→ Task to carry out
Retype all of the data exactly as given.

→ Data supplied
....................

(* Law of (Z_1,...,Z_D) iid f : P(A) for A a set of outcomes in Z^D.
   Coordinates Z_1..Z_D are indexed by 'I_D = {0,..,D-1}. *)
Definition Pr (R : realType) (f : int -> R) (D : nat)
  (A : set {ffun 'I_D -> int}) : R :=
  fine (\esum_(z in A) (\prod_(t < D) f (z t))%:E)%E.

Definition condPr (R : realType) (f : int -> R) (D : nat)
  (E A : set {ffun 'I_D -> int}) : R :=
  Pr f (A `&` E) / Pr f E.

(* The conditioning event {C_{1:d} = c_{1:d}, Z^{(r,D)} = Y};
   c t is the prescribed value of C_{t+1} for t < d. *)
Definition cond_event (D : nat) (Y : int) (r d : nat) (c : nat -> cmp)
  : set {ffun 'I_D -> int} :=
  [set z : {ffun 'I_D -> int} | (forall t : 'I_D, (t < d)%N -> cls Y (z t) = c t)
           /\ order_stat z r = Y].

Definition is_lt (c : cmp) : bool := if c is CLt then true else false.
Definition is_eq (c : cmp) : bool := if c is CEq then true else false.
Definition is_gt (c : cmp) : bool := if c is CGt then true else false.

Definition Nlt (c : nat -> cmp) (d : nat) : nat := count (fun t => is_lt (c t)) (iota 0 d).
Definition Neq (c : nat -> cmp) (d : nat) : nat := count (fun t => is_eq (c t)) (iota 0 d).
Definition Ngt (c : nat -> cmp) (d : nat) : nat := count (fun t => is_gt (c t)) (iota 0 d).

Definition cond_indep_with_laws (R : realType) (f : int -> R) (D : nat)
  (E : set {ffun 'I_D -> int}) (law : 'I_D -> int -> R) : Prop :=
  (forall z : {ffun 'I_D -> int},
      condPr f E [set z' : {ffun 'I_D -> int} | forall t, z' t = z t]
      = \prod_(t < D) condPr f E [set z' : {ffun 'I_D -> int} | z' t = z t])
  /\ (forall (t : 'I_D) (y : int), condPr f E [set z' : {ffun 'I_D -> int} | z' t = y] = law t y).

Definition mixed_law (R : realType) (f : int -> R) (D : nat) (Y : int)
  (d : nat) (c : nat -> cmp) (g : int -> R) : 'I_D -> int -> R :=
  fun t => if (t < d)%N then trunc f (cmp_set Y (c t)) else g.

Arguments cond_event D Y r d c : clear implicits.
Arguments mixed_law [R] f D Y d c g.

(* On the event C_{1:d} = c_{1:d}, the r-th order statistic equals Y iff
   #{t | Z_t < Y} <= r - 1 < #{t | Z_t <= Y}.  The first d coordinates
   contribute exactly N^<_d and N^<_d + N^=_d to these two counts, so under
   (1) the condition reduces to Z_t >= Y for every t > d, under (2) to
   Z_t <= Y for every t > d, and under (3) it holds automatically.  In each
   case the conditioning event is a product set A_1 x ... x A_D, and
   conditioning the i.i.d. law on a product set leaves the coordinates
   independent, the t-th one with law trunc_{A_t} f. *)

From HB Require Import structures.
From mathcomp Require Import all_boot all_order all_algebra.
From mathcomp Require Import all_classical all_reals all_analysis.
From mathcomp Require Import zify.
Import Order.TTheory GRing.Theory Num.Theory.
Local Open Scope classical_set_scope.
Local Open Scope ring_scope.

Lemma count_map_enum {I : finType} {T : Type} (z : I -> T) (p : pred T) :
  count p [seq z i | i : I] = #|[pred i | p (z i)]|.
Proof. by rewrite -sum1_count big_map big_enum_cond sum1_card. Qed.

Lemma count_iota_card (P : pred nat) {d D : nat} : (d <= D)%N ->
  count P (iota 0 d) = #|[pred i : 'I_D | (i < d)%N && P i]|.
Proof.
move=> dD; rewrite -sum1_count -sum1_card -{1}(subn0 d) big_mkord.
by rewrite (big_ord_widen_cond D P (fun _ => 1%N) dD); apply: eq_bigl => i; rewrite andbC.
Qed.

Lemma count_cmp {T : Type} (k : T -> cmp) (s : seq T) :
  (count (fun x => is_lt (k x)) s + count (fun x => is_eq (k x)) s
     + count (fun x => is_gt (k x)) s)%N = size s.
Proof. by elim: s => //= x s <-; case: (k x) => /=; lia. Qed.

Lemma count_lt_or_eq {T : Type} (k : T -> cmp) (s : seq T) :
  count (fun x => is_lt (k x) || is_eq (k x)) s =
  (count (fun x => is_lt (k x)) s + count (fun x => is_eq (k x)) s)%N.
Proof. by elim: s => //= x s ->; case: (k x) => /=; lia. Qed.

....................

→ Result for this exercise
(* Law of (Z_1,...,Z_D) iid f : P(A) for A a set of outcomes in Z^D.
   Coordinates Z_1..Z_D are indexed by 'I_D = {0,..,D-1}. *)
Definition Pr (R : realType) (f : int -> R) (D : nat)
  (A : set {ffun 'I_D -> int}) : R :=
  fine (\esum_(z in A) (\prod_(t < D) f (z t))%:E)%E.

Definition condPr (R : realType) (f : int -> R) (D : nat)
  (E A : set {ffun 'I_D -> int}) : R :=
  Pr f (A `&` E) / Pr f E.

(* The conditioning event {C_{1:d} = c_{1:d}, Z^{(r,D)} = Y};
   c t is the prescribed value of C_{t+1} for t < d. *)
Definition cond_event (D : nat) (Y : int) (r d : nat) (c : nat -> cmp)
  : set {ffun 'I_D -> int} :=
  [set z : {ffun 'I_D -> int} | (forall t : 'I_D, (t < d)%N -> cls Y (z t) = c t)
           /\ order_stat z r = Y].

Definition is_lt (c : cmp) : bool := if c is CLt then true else false.
Definition is_eq (c : cmp) : bool := if c is CEq then true else false.
Definition is_gt (c : cmp) : bool := if c is CGt then true else false.

Definition Nlt (c : nat -> cmp) (d : nat) : nat := count (fun t => is_lt (c t)) (iota 0 d).
Definition Neq (c : nat -> cmp) (d : nat) : nat := count (fun t => is_eq (c t)) (iota 0 d).
Definition Ngt (c : nat -> cmp) (d : nat) : nat := count (fun t => is_gt (c t)) (iota 0 d).

Definition cond_indep_with_laws (R : realType) (f : int -> R) (D : nat)
  (E : set {ffun 'I_D -> int}) (law : 'I_D -> int -> R) : Prop :=
  (forall z : {ffun 'I_D -> int},
      condPr f E [set z' : {ffun 'I_D -> int} | forall t, z' t = z t]
      = \prod_(t < D) condPr f E [set z' : {ffun 'I_D -> int} | z' t = z t])
  /\ (forall (t : 'I_D) (y : int), condPr f E [set z' : {ffun 'I_D -> int} | z' t = y] = law t y).

Definition mixed_law (R : realType) (f : int -> R) (D : nat) (Y : int)
  (d : nat) (c : nat -> cmp) (g : int -> R) : 'I_D -> int -> R :=
  fun t => if (t < d)%N then trunc f (cmp_set Y (c t)) else g.

Arguments cond_event D Y r d c : clear implicits.
Arguments mixed_law [R] f D Y d c g.

(* On the event C_{1:d} = c_{1:d}, the r-th order statistic equals Y iff
   #{t | Z_t < Y} <= r - 1 < #{t | Z_t <= Y}.  The first d coordinates
   contribute exactly N^<_d and N^<_d + N^=_d to these two counts, so under
   (1) the condition reduces to Z_t >= Y for every t > d, under (2) to
   Z_t <= Y for every t > d, and under (3) it holds automatically.  In each
   case the conditioning event is a product set A_1 x ... x A_D, and
   conditioning the i.i.d. law on a product set leaves the coordinates
   independent, the t-th one with law trunc_{A_t} f. *)

From HB Require Import structures.
From mathcomp Require Import all_boot all_order all_algebra.
From mathcomp Require Import all_classical all_reals all_analysis.
From mathcomp Require Import zify.
Import Order.TTheory GRing.Theory Num.Theory.
Local Open Scope classical_set_scope.
Local Open Scope ring_scope.

Lemma count_map_enum {I : finType} {T : Type} (z : I -> T) (p : pred T) :
  count p [seq z i | i : I] = #|[pred i | p (z i)]|.
Proof. by rewrite -sum1_count big_map big_enum_cond sum1_card. Qed.

Lemma count_iota_card (P : pred nat) {d D : nat} : (d <= D)%N ->
  count P (iota 0 d) = #|[pred i : 'I_D | (i < d)%N && P i]|.
Proof.
move=> dD; rewrite -sum1_count -sum1_card -{1}(subn0 d) big_mkord.
by rewrite (big_ord_widen_cond D P (fun _ => 1%N) dD); apply: eq_bigl => i; rewrite andbC.
Qed.

Lemma count_cmp {T : Type} (k : T -> cmp) (s : seq T) :
  (count (fun x => is_lt (k x)) s + count (fun x => is_eq (k x)) s
     + count (fun x => is_gt (k x)) s)%N = size s.
Proof. by elim: s => //= x s <-; case: (k x) => /=; lia. Qed.

Lemma count_lt_or_eq {T : Type} (k : T -> cmp) (s : seq T) :
  count (fun x => is_lt (k x) || is_eq (k x)) s =
  (count (fun x => is_lt (k x)) s + count (fun x => is_eq (k x)) s)%N.
Proof. by elim: s => //= x s ->; case: (k x) => /=; lia. Qed.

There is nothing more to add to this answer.